Nonlinear adiabatic passage from fermion atoms to boson molecules

TL;DR

This paper investigates the dynamics of converting fermionic atoms to bosonic molecules via adiabatic Feshbach resonance sweeps, revealing many-body effects and different scaling behaviors depending on initial conditions.

Contribution

It provides a detailed analysis of the nonlinear many-body dynamics during atom-molecule conversion, highlighting deviations from simple Landau-Zener predictions.

Findings

Atomic fraction dependence on sweep rate varies from exponential to power-law with particle number.
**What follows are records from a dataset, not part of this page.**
(* Let $f\in K[X]$ be a regular polynomial with exactly $t+1$ nonzero monomial terms. Then the number of roots of $f$ in $K^\ast=K\setminus\{0\}$ is at most $t(q-1)$, and all roots of $f$ in $K^\ast$ are simple.
   Context: $K$ is a field complete with respect to a non-archimedean discrete valuation $v$, normalized by $v(\pi)=1$ for a uniformizer $\pi$ of the valuation ring $A=\{x\in K: v(x)\geq 0\}$; the residue field $\kappa=A/\pi A$ is finite with $q$ elements and characteristic $p$. For $h=\sum_{i=0}^d c_iX^i\in K[X]$, the Newton polygon of $h$ is the convex hull of the points $(i,v(c_i))$ with $c_i\neq 0$. An edge of a polygon in $\mathbb{R}^2$ is a lower edge if it has an inner normal vector with positive second coordinate. $h$ is regular if for every lower edge $S$ of its Newton polygon, with vertices $(s,v(c_s))$ and $(s',v(c_{s'}))$, $s>s'$: (1) $S$ contains exactly two points of the set $\{(i,v(c_i)) : 0\leq i\leq d,\ c_i\neq 0\}$; (2) $p\nmid (s-s')$. *)

From HB Require Import structures.
From mathcomp Require Import all_boot all_order all_algebra.
Set Implicit Arguments. Unset Strict Implicit. Unset Printing Implicit Defensive.
Import Order.TTheory GRing.Theory Num.Theory.
Local Open Scope ring_scope.

(* The valuation v is only meaningful on nonzero elements (v 0 = +oo by
   convention); all conditions below treat 0 separately. *)

Definition vge (K : fieldType) (v : K -> int) (N : int) (x : K) : bool :=
  (x == 0) || (N <= v x).

Definition inA (K : fieldType) (v : K -> int) (x : K) : bool := vge v 0 x.
Definition inM (K : fieldType) (v : K -> int) (x : K) : bool := vge v 1 x.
Linear dependence when initial molecular fraction is below quantum fluctuations.

Experimental data favor many-body models over single-pair Landau-Zener predictions.

Abstract

We study the dynamics of an adiabatic sweep through a Feshbach resonance in a quantum gas of fermionic atoms. Analysis of the dynamical equations, supported by mean-field and many-body numerical results, shows that the dependence of the remaining atomic fraction $\Gamma$ on the sweep rate $\alpha$ varies from exponential Landau-Zener behavior for a single pair of particles to a power-law dependence for large particle number $N$. The power-law is linear, $\Gamma \propto \alpha$, when the initial molecular fraction is smaller than the 1/N quantum fluctuations, and $\Gamma \propto \alpha^{1/3}$ when it is larger. Experimental data agree better with a linear dependence than with an exponential Landau-Zener fit, indicating that many-body effects are significant in the atom-molecule conversion process.